Content-Aware Collaborative Filtering for Location Recommendation Based on Human Mobility Data

Location recommendation plays an essential role in helping people find places they are likely to enjoy. Though some recent research has studied how to recommend locations with the presence of social network and geographical information, few of them addressed the cold-start problem, specifically, recommending locations for new users. Because the visits to locations are often shared on social networks, rich semantics (e.g., tweets) that reveal a person's interests can be leveraged to tackle this challenge. A typical way is to feed them into traditional explicit-feedback content-aware recommendation methods (e.g., LibFM).
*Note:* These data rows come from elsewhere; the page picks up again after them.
(* Let $\nu>0$ be a real number. Define integers $s_1=4$ and $s_{k+1}=\lfloor 10^{\nu s_k}\rfloor s_k+1$ for $k\ge 1$. Then for every sequence $(a_n)_{n\ge1}$ with $a_n\in\{1,2\}$ for all $n$, the real number $\xi=\sum_{n=1}^{\infty}a_n10^{-s_n}$ is a $\nu$-Liouville number. In particular $\sum_{n=1}^\infty 10^{-s_n}\in\mathbb{L}^{(\nu)}$.
   Context: A real number $\xi$ is a Liouville number if there exist a sequence of rational numbers $p_k/q_k$ ($p_k,q_k$ integers, $q_k>1$) and a sequence of positive reals $(\omega_k)_k$ with $\omega_k\to\infty$ such that $0<|\xi-p_k/q_k|<q_k^{-\omega_k}$ for all $k$. For a real number $\xi$, let $S(\xi)$ be the set of real numbers $\nu^*\ge 0$ for which there exist a sequence of rationals $p_k/q_k$ (integers $q_k>1$) and a sequence of positive reals $(\omega_k)_k$ such that $0<|\xi-p_k/q_k|<q_k^{-\omega_k}$ for all $k$ and $\omega_k/q_k^{\nu^*}\to\infty$ as $k\to\infty$. For $\nu\in[0,\infty]$, $\xi$ is called a $\nu$-Liouville number if $\xi$ is a Liouville number and $\sup S(\xi)=\nu$; the set of $\nu$-Liouville numbers is denoted $\mathbb{L}^{(\nu)}$. In particular, $\xi$ is an $\infty$-Liouville number iff $S(\xi)=[0,\infty)$. *)

From Stdlib Require Import Reals.
From Coquelicot Require Import Coquelicot.
Open Scope R_scope.

Definition approx (xi : R) (p q : Z) (omega : R) : Prop :=
  0 < Rabs (xi - IZR p / IZR q) < Rpower (IZR q) (- omega).

Definition Liouville (xi : R) : Prop :=
  exists (p q : nat -> Z) (omega : nat -> R),
    (forall k, (1 < q k)%Z) /\ (forall k, 0 < omega k) /\
    is_lim_seq omega p_infty /\
    (forall k, approx xi (p k) (q k) (omega k)).

Definition Sset (xi : R) (nustar : R) : Prop :=
  0 <= nustar /\
  exists (p q : nat -> Z) (omega : nat -> R),
    (forall k, (1 < q k)%Z) /\ (forall k, 0 < omega k) /\
    (forall k, approx xi (p k) (q k) (omega k)) /\
    is_lim_seq (fun k => omega k / Rpower (IZR (q k)) nustar) p_infty.

Definition nu_Liouville (nu xi : R) : Prop :=
  Liouville xi /\ is_lub (Sset xi) nu.

(* s k is s_{k+1} of the paper: s_1 = 4, s_{k+1} = floor(10^(nu s_k)) s_k + 1 *)
Fixpoint sseq (nu : R) (k : nat) : Z :=
  match k with
  | O => 4%Z
  | S k' => (Int_part (Rpower 10 (nu * IZR (sseq nu k'))) * sseq nu k' + 1)%Z
  end.
(** Modes [j > k] are uncontrolled, so [c_j = 0] is needed for them. *)
Lemma optimal_time_bang_controls (i0 : nat) :
  (1 <= i0 <= minn m k)%N ->
  (forall i, (1 <= i <= minn m k)%N -> T i <= T i0) ->
  (forall j, (minn m k < j <= m)%N -> c j = 0) ->
  optimal_time lam c m k abar = T i0 /\ optimal_control lam c m k abar bang_controls.
Proof.
move=> hi0 Tmax c0.
have hi0k : (1 <= i0 <= k)%N by lia.
have steered : in_Sm m (fun i => sol_coord lam c k bang_controls i (T i0)).
  move=> i hi; have [hik|hki] := leqP i k.
  - by apply: sol_coord_bang_controls_eq0; [lia | apply: Tmax; lia].
  - rewrite /sol_coord (_ : (1 <= i <= k)%N = false); last lia.
    by rewrite c0 ?mulr0 ?addr0 //; lia.
have T0 : 0 <= T i0 by apply: null_time_ge0; auto.
have opt : optimal_time lam c m k abar = T i0.
  apply/eqP; rewrite eq_le; apply/andP; split.
  - apply: ge_inf; first by exists 0 => y [].
    by split => //; exists bang_controls; split => //; exact: admissible_bang_controls.
  - apply: lb_le_inf; first by exists (T i0); split => //; exists bang_controls;
      split => //; exact: admissible_bang_controls.
    move=> t [t0 [alpha [adm reach]]].
    by apply: (Ti_le_sol_coord_eq0 adm hi0k t0); apply: reach; lia.
split=> //; split; first exact: admissible_bang_controls.
by rewrite opt.
Qed.
Definition mimic (A : seq (astate V)) : astate V :=
  match pselect (exists m, deviates_at A m) with
  | left H =>
      let m := ex_minn (ex_asbool H) in
      match track_pi m with
      | Some (_, n) =>
          match last init A with
          | CState rho => PState (mkseq rho n.+1) (pi m.+1)
          | _ => Top
          end
      | None => Top
      end
  | right _ => Top
  end.

Lemma mimic_strategy : astr false mimic.
Proof.
move=> x s _ HCl; rewrite /mimic.
case: pselect => [H|_]; last by case: (last x s) HCl.
case: ex_minnP => m /asboolP [n [rho [Htr [Hl [Hne [Ho HE]]]]]] _.
rewrite Htr; move: Hl => /= Hl; rewrite Hl /=.
by exists n.
Qed.

(* A deviation recorded in A happens no earlier than any time at which A is
   the tracked history; in particular it is unique. *)
Lemma deviates_at_first A m1 m2 n2 : deviates_at A m1 -> track_pi m2 = Some (A, n2) -> m2 <= m1.
Proof.
move=> [n [rho [Htr [Hl [Hne [Ho HE]]]]]] Ht2.
rewrite leqNgt; apply/negP => H12.
have := track_piS m1; rewrite Htr (track_step_deviate Hl Hne Ho HE).
case: ifP => _ Hs; last by have := track_pi_None Hs H12; rewrite Ht2.
have [H1 _] := track_pi_mono Hs Ht2 H12.
by move: H1; rewrite !size_rcons ltnNge leqnSn.
Qed.

Lemma mimic_deviates A m n rho : track_pi m = Some (A, n) -> last init A = CState rho ->
  pi m.+1 != rho n.+1 -> owner (rho n) = i -> E (rho n) (pi m.+1) ->
  mimic A = PState (mkseq rho n.+1) (pi m.+1).
Proof.
move=> Ht Hl Hne Ho HE.
have Hdev : deviates_at A m by exists n, rho.
rewrite /mimic; case: pselect => [H|H]; last by case: H; exists m.
case: ex_minnP => m0 /asboolP Hdev0 Hmin.
have Hm0 : m0 = m.
  apply/eqP; rewrite eqn_leq Hmin ?(deviates_at_first Hdev0 Ht) //.
  exact/asboolP.
by subst m0; rewrite Ht Hl.
Qed.

Local Notation apr := (apref tauP mimic init).

Lemma track_state_size A : track_state A -> 0 < size A.
Proof. by move=> [t [rho [-> _]]]. Qed.

Lemma apref_deviation A m n rho : apr (size A).-1 = A -> track_pi m = Some (A, n) ->
  last init A = CState rho ->
  pi m.+1 != rho n.+1 -> owner (rho n) = i -> E (rho n) (pi m.+1) ->
  apr (size A) = rcons A (PState (mkseq rho n.+1) (pi m.+1)) /\
  apr (size A).+1 = rcons (rcons A (PState (mkseq rho n.+1) (pi m.+1)))
                          (tauP (rcons A (PState (mkseq rho n.+1) (pi m.+1)))).
Proof.
move=> Ha Ht Hl Hne Ho HE.
have Hs := track_state_size (track_ok Ht).
have H1 : apr (size A) = rcons A (PState (mkseq rho n.+1) (pi m.+1)).
  rewrite -(prednK Hs) aprefS -(apref_last tauP mimic) Ha Hl /=.
  by rewrite (mimic_deviates Ht Hl Hne Ho HE).
split => //.
by rewrite aprefS -(apref_last tauP mimic) H1 last_rcons.
Qed.

Lemma track_pi_apref m A n : track_pi m = Some (A, n) -> apr (size A).-1 = A.
Proof.
elim: m A n => [|m IH] A n.
  by rewrite /track_pi /track /= /track_init; case: ifP => // HC [<- _].
rewrite track_piS; case Hm: (track_pi m) => [[A0 n0]|//].
move/track_step_cases => [rho [Hl [[_ [-> _]]|[Hne [Ho [HE [-> _]]]]]]].
  exact: IH Hm.
have [_ H2] := apref_deviation (IH _ _ Hm) Hm Hl Hne Ho HE.
by rewrite !size_rcons (_ : (size A0).+2.-1 = (size A0).+1) // H2.
Qed.

Section BottomFree.
Context (NB : bottom_free tauP).

Lemma track_pi_defined m : track_pi m <> None.
Proof.
elim: m => [|m IH].
  rewrite /track_pi /track /= /track_init; case: ifP => // HC _.
  have H := HP (x := init) (s := [::]) I erefl.
  have [Hb|[rho [Hr _]]] := atr_fromP H; last by rewrite Hr in HC.
  by apply: (NB mimic_strategy (j := 1)).
case Hm: (track_pi m) IH => [[A n]|//] _.
have [rho [Hl _]] := track_pi_spec Hm.
have Hrn := track_pi_last Hm Hl.
rewrite track_piS Hm.
case: (eqVneq (pi m.+1) (rho n.+1)) => [->|Hne]; first by rewrite track_step_follow.
have Ho : owner (rho n) = i.
  apply/eqP; apply: contraNT Hne => Ho.
  rewrite gplayS /upd -Hrn (negbTE Ho) /replay_profile.
  by rewrite (replay_on_play Hm Hl).
have HE : E (rho n) (pi m.+1) by rewrite Hrn; apply: pi_is_play.
rewrite (track_step_deviate Hl Hne Ho HE); case: ifP => // HC _.
have [_ H2] := apref_deviation (track_pi_apref Hm) Hm Hl Hne Ho HE.
have [Htr _] := deviation_answer (track_ok Hm) Hl Ho HE Hne.
have [Hb|[rho' [Hr _]]] := atr_fromP Htr; last by rewrite Hr in HC.
apply: (NB mimic_strategy (j := (size A).+1)).
by rewrite -(apref_last tauP mimic) H2 last_rcons.
Qed.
As a user's negative preferences are not explicitly observable in most human mobility data, these methods need draw negative samples for better learning performance. However, prior studies have empirically shown that sampling-based methods don't perform as well as a method that considers all unvisited locations as negative but assigns them a lower confidence. To this end, we propose an Implicit-feedback based Content-aware Collaborative Filtering (ICCF) framework to incorporate semantic content and steer clear of negative sampling. For efficient parameter learning, we develop a scalable optimization algorithm, scaling linearly with the data size and the feature size. Furthermore, we offer a good explanation to ICCF, such that the semantic content is actually used to refine user similarity based on mobility. Finally, we evaluate ICCF with a large-scale LBSN dataset where users have profiles and text content. The results show that ICCF outperforms LibFM of the best configuration, and that user profiles and text content are not only effective at improving recommendation but also helpful for coping with the cold-start problem.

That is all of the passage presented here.